The Axiom of Neighborliness: Let $(X, d)$ be a metric space and let $S \subset X$ be a finite set whose elements are classified by some function $f : S \to \left \{ 1, 2, \dots, m \right \}$. We say that $S$ satisfies the axiom of neighborliness if for every point $x \in S$, if $y$ is the closest point to $x$, then $f(x) = f(y)$. That is, $y$ shares the same class as $x$ if $y$ is the nearest neighbor to $x$.

For a more in-depth discussion of metrics, the reader should refer to this blog’s primer on the topic. For the purpose of this post and all foreseeable posts, $X$ will always be $\mathbb{R}^n$ for some $n$, while the metric $d$ will vary.

This axiom is actually a very strong assumption which is certainly not true of every data set.
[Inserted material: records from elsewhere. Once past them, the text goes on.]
Lemma abel_mean_fixpoint b : b \in M ->
  abel_mean b = al * nu b + (1 - al) * \sum_(a in M) abel_mean a * Q a b.
Proof.
move=> bM.
have rec_cvg : (abel_partial n.+1 b @[n --> \oo] -->
                al * nu b + (1 - al) * \sum_(a in M) abel_mean a * Q a b)%classic.
  under eq_cvg do rewrite abel_partial_rec.
  apply: cvgD; first exact: cvg_cst.
  apply: cvgMl_tmp; apply: cvg_big; first exact: add_continuous.
  by move=> a aM; apply: cvgMr_tmp; exact: abel_partial_cvg.
have := abel_partial_cvg bM; rewrite -cvg_shiftS => shift_cvg.
by rewrite -(cvg_lim _ shift_cvg) // (cvg_lim _ rec_cvg).
Qed.

Lemma abel_mean_defect b : b \in M ->
  `|abel_mean b - \sum_(a in M) abel_mean a * Q a b| <= al.
Proof.
move=> bM; set s := \sum_(a in M) _.
have s_ge0 : 0 <= s.
  by apply: sumr_ge0 => a aM; rewrite mulr_ge0 ?abel_mean_ge0 ?Q_ge0.
have s_le1 : s <= 1.
  rewrite -abel_mean_sum1; apply: ler_sum => a aM.
  by rewrite ler_piMr ?abel_mean_ge0 ?Q_le1.
have -> : abel_mean b - s = al * (nu b - s) by rewrite {1}abel_mean_fixpoint // -/s; ring.
rewrite normrM gtr0_norm // ler_piMr ?(ltW al_gt0) // ler_norml.
by have := nu_ge0 bM; have := nu_le1 bM; lra.
Qed.

End FixedDiscount.

Lemma rho_eq_of_defect_identity (a : T) (L : R) (c : T -> R) :
  (forall w : T -> R, \sum_(b in M) w b = 1 ->
     w a - L = \sum_(b in M) c b * (w b - \sum_(x in M) w x * Q x b)) ->
  rho M nu Q a = L.
Proof.
move=> identity; set K := \sum_(b in M) `|c b|.
have K_ge0 : 0 <= K by apply: sumr_ge0.
have bound al : 0 < al -> al < 1 -> `|abel_mean al a - L| <= K * al.
  move=> al_gt0 al_lt1; rewrite identity ?abel_mean_sum1 // /K mulr_suml.
  apply: (le_trans (ler_norm_sum _ _ _)); apply: ler_sum => b bM.
  by rewrite normrM ler_wpM2l ?abel_mean_defect.
rewrite /rho; apply: cvg_lim => //; apply/cvgrPdist_le => e e_gt0.
near=> al.
have al_gt0 : 0 < al by near: al; exact: nbhs_right_gt.
have al_lt1 : al < 1 by near: al; exact: nbhs_right_lt.
have al_small : al < e / (K + 1).
  by near: al; apply: nbhs_right_lt; rewrite divr_gt0 // ltr_pwDr.
rewrite distrC; apply: (le_trans (bound al al_gt0 al_lt1)).
rewrite ltr_pdivlMr ?ltr_pwDr // in al_small.
by apply: (le_trans _ (ltW al_small)); rewrite mulrDr mulr1 mulrC lerDl ltW.
Unshelve. all: by end_near.
Qed.

Lemma rho_pair a b : a != b -> M = [set a; b] -> Q a b + Q b a != 0 ->
  rho M nu Q a = Q b a / (Q a b + Q b a).
Proof.
move=> ab M2 s_neq0; have aM : a \in M by rewrite M2 !inE eqxx.
have row_a : Q a a + Q a b = 1 by rewrite -(Q_row1 aM) M2 sum_set2.
apply: (rho_eq_of_defect_identity
          (c := fun x => if x == a then (Q a b + Q b a)^-1 else 0)) => w.
rewrite M2 !sum_set2 // eqxx eq_sym (negbTE ab) => w_sum.
have -> : w b = 1 - w a by lra.
have -> : Q a a = 1 - Q a b by lra.
by field.
Qed.

Lemma rho_triple a b c : a != b -> b != c -> a != c -> M = [set a; b; c] ->
  tree_sum Q a b c != 0 -> rho M nu Q a = tree_weight Q a b c / tree_sum Q a b c.
Proof.
move=> ab bc ac M3 D_neq0; set D := tree_sum Q a b c.
have aM : a \in M by rewrite M3 !inE eqxx.
have bM : b \in M by rewrite M3 !inE eqxx orbT.
have row_a : Q a a + (Q a b + Q a c) = 1 by rewrite -(Q_row1 aM) M3 sum_set3.
have row_b : Q b a + (Q b b + Q b c) = 1 by rewrite -(Q_row1 bM) M3 sum_set3.
(* (c_a, c_b, 0) solves (I - Q) c = e_a - pi_a 1 with pi_a the tree formula. *)
apply: (rho_eq_of_defect_identity (c := fun x =>
  if x == a then (Q b a + Q b c + Q c b) / D
  else if x == b then (Q b a - Q c a) / D else 0)) => w.
rewrite M3 !sum_set3 // (eq_sym b a) (eq_sym c a) (eq_sym c b).
rewrite (negbTE ab) (negbTE ac) (negbTE bc) !eqxx => w_sum.
have -> : w c = 1 - w a - w b by lra.
have -> : Q a a = 1 - Q a b - Q a c by lra.
have -> : Q b b = 1 - Q b a - Q b c by lra.
by rewrite /D /tree_sum /tree_weight in D_neq0 *; field.
Qed.

End AbelMean.

Lemma is_MSC_stochastic (R : realType) (T : finType) (Q : {set T} -> T -> T -> R)
    (nu : {set T} -> T -> R) (M : {set T}) :
  is_MSC Q nu -> menu M ->
  [/\ forall a b, a \in M -> b \in M -> 0 <= Q M a b,
      forall a, a \in M -> \sum_(b in M) Q M a b = 1,
      forall a, a \in M -> 0 <= nu M a &
      \sum_(a in M) nu M a = 1].
Proof.
move=> msc menuM; have [Q_ge0 [nu_ge0 [nu_sum1 [diag _]]]] := msc M menuM.
split=> // a aM; rewrite (bigD1 a) //=.
by have [-> _] := diag a aM; rewrite subrK.
Qed.

Lemma msc_rho_pair (R : realType) (T : finType) (Q : {set T} -> T -> T -> R)
    (nu : {set T} -> T -> R) (M N : {set T}) (a b : T) :
  is_MSC Q nu -> a \in M -> b \in M -> a != b -> N = [set a; b] ->
  0 < Q N a b -> 0 < Q M a b ->
  rho N (nu N) (Q N) a = Q M b a / (Q M a b + Q M b a).
Proof.
move=> msc aM bM ab N2 QN_gt0 QM_gt0.
have menuN : menu N by apply/set0Pn; exists a; rewrite N2 !inE eqxx.
have menuM : menu M by apply/set0Pn; exists a.
have [gN rN nN sN] := is_MSC_stochastic msc menuN.
have [gM _ _ _] := is_MSC_stochastic msc menuM.
have [_ [_ [_ [_ [_ cross]]]]] := msc M menuM.
have [aN bN] : a \in N /\ b \in N by rewrite N2 !inE !eqxx orbT.
have sN_gt0 : 0 < Q N a b + Q N b a by have := gN b a bN aN; lra.
have sM_gt0 : 0 < Q M a b + Q M b a by have := gM b a bM aM; lra.
rewrite (rho_pair gN rN nN sN ab N2) ?gt_eqF //.
by apply: share_eq_of_cross_eq; rewrite ?gt_eqF // N2 cross.
Qed.

Lemma msc_rho_triple (R : realType) (T : finType) (Q : {set T} -> T -> T -> R)
    (nu : {set T} -> T -> R) (M : {set T}) (a b c : T) :
  is_MSC Q nu -> a != b -> b != c -> a != c -> M = [set a; b; c] ->
  tree_sum (Q M) a b c != 0 ->
  rho M (nu M) (Q M) a = tree_weight (Q M) a b c / tree_sum (Q M) a b c.
Proof.
move=> msc ab bc ac M3.
have menuM : menu M by apply/set0Pn; exists a; rewrite M3 !inE eqxx.
have [gM rM nM sM] := is_MSC_stochastic msc menuM.
exact: rho_triple.
Qed.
In particular, it highly depends on the problem setup. Having the wrong kinds or the wrong number of features, doing an improper conversion, or using the wrong metric can all invalidate the assumption even if the problem inherently has the needed structure. Luckily, for real-world applications we only need the data to adhere to the axiom of neighborliness in approximation (indeed, in practice the axiom is only verifiable in approximation). Of course, what we mean by “approximation” also depends on the problem and the user’s tolerance for error. Such is the nature of applied mathematics.
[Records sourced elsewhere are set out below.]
(* Let $\Sigma$ be a signature, $T$ a monad on sets carrying a continuous $\Sigma$-algebra structure, and $\Gamma$ a relator for the monad $T$ that is inductive and respects $\Sigma$. Then the cocontextual preorder $\geq_\Gamma$ (the converse of $\leq_\Gamma$) is the largest $\lambda$-term relation that is both $\Gamma^c$-preadequate and compatible.
   Context: An $\omega$CPPO is a poset with least element $\bot$ in which every $\omega$-chain has a lub; continuous = monotone and preserving such lubs. $T$ (unit $\eta$, bind $u\texttt{>>=}f$) carries a continuous $\Sigma$-algebra structure if each $TX$ is an $\omega$CPPO, bind is continuous in both arguments, and each $\sigma\in\Sigma$ of arity $k$ is interpreted by a continuous $\sigma^T:(TX)^k\to TX$. A relator $\Gamma$ for $T$ assigns to each $R\subseteq X\times Y$ a relation $\Gamma R\subseteq TX\times TY$ with: $=_{TX}\subseteq\Gamma(=_X)$; $\Gamma S\circ\Gamma R\subseteq\Gamma(S\circ R)$; $\Gamma((f\times g)^{-1}R)=(Tf\times Tg)^{-1}\Gamma R$ with $(f\times g)^{-1}R=\{(z,w)\mid f(z)\,R\,g(w)\}$; monotone in $R$; $x\,R\,y\Rightarrow\eta(x)\,\Gamma R\,\eta(y)$; if $x\,R\,y\Rightarrow f(x)\,\Gamma S\,g(y)$ for all $x,y$ then $u\,\Gamma R\,v\Rightarrow(u\texttt{>>=}f)\,\Gamma S\,(v\texttt{>>=}g)$. Inductive: $\bot\,\Gamma R\,v$ always, and $(\forall n.\ u_n\,\Gamma R\,v)\Rightarrow\bigsqcup_n u_n\,\Gamma R\,v$ for $\omega$-chains. Respects $\Sigma$: $u_i\,\Gamma R\,v_i$ for all $i$ implies $\sigma^T(\vec u)\,\Gamma R\,\sigma^T(\vec v)$. The converse relator is $\Gamma^c(R)=(\Gamma(R^c))^c$, with $R^c$ the converse relation. Terms/values: $M,N::=\mathsf{return}\,V\mid VW\mid(M\ \mathsf{to}\ x.N)\mid\sigma(M_1,\dots,M_{\alpha(\sigma)})$, $V,W::=x\mid\lambda x.M$; $\mathcal{T}_0,\mathcal{V}_0$ closed terms/values; $\mathcal{T}(\bar x),\mathcal{V}(\bar x)$ those with free variables in $\bar x$. $[\![M]\!]=\bigsqcup_nM^{(n)}$ where $M^{(0)}=\bot$, $(\mathsf{return}\,V)^{(n+1)}=\eta(V)$, $((\lambda x.M)V)^{(n+1)}=(M[V/x])^{(n)}$, $(M\ \mathsf{to}\ x.N)^{(n+1)}=M^{(n)}\texttt{>>=}(V\mapsto(N[V/x])^{(n)})$, $(\sigma(\vec M))^{(n+1)}=\sigma^T(M_1^{(n)},\dots)$. A $\lambda$-term relation is a pair $R=(R_{\mathcal{T}},R_{\mathcal{V}})$ of sets of triples $(\bar x,M,N)$ with $M,N\in\mathcal{T}(\bar x)$, resp. $(\bar x,V,W)$ with $V,W\in\mathcal{V}(\bar x)$, written $\bar x\vdash M\,R\,N$; its converse reverses the last two components. It is compatible if: $\bar x\vdash x\,R_{\mathcal{V}}\,x$ for $x\in\bar x$; $\bar x\cup\{x\}\vdash M\,R_{\mathcal{T}}\,N$ ($x\notin\bar x$) implies $\bar x\vdash\lambda x.M\,R_{\mathcal{V}}\,\lambda x.N$; $\bar x\vdash V\,R_{\mathcal{V}}\,W$ implies $\bar x\vdash\mathsf{return}\,V\,R_{\mathcal{T}}\,\mathsf{return}\,W$; $\bar x\vdash V\,R_{\mathcal{V}}\,V'$, $\bar x\vdash W\,R_{\mathcal{V}}\,W'$ imply $\bar x\vdash VW\,R_{\mathcal{T}}\,V'W'$; $\bar x\vdash M\,R_{\mathcal{T}}\,M'$, $\bar x\cup\{x\}\vdash N\,R_{\mathcal{T}}\,N'$ ($x\notin\bar x$) imply $\bar x\vdash(M\ \mathsf{to}\ x.N)\,R_{\mathcal{T}}\,(M'\ \mathsf{to}\ x.N')$; $\bar x\vdash M_i\,R_{\mathcal{T}}\,N_i$ for all $i$ implies $\bar x\vdash\sigma(\vec M)\,R_{\mathcal{T}}\,\sigma(\vec N)$. Let $\mathcal{U}=\mathcal{V}_0\times\mathcal{V}_0$; for a relator $\Delta$, $R$ is $\Delta$-preadequate if for closed $M,N$, $\emptyset\vdash M\,R_{\mathcal{T}}\,N$ implies $[\![M]\!]\,\Delta\mathcal{U}\,[\![N]\!]$. $\leq_\Gamma$ is the union of all compatible $\Gamma$-preadequate $\lambda$-term relations, and $\geq_\Gamma$ is its converse. *)

Record signature := Signature {
  op : Type;
  arity : op -> nat
}.

(* Finite sets {0,..,n-1}: fin 0 = empty, fin (S n) = option (fin n);
   None is the most recently bound variable (de Bruijn index 0). *)
Fixpoint fin (n : nat) : Type :=
  match n with
  | 0 => Empty_set
  | S n => option (fin n)
  end.

(* Terms and values (well-scoped de Bruijn: tm n = terms with free      *)
(* variables among n variables; tm 0 = closed terms)                   *)
Inductive vl (Sg : signature) (n : nat) : Type :=
| Var : fin n -> vl Sg n
| Lam : tm Sg (S n) -> vl Sg n
with tm (Sg : signature) (n : nat) : Type :=
| Ret : vl Sg n -> tm Sg n
| App : vl Sg n -> vl Sg n -> tm Sg n
| Bind : tm Sg n -> tm Sg (S n) -> tm Sg n       (* M to x. N *)
| Op : forall s : op Sg, (fin (@arity Sg s) -> tm Sg n) -> tm Sg n.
Once we understand the axiom, the machine learning “algorithm” is essentially obvious. For training, store a number of data points whose classes are known and fix a metric. To determine the class of an unknown data point, simply use the most common class of its nearest neighbors. As one may vary (as a global parameter) the number of neighbors one considers, this method is intuitively called k-nearest-neighbors.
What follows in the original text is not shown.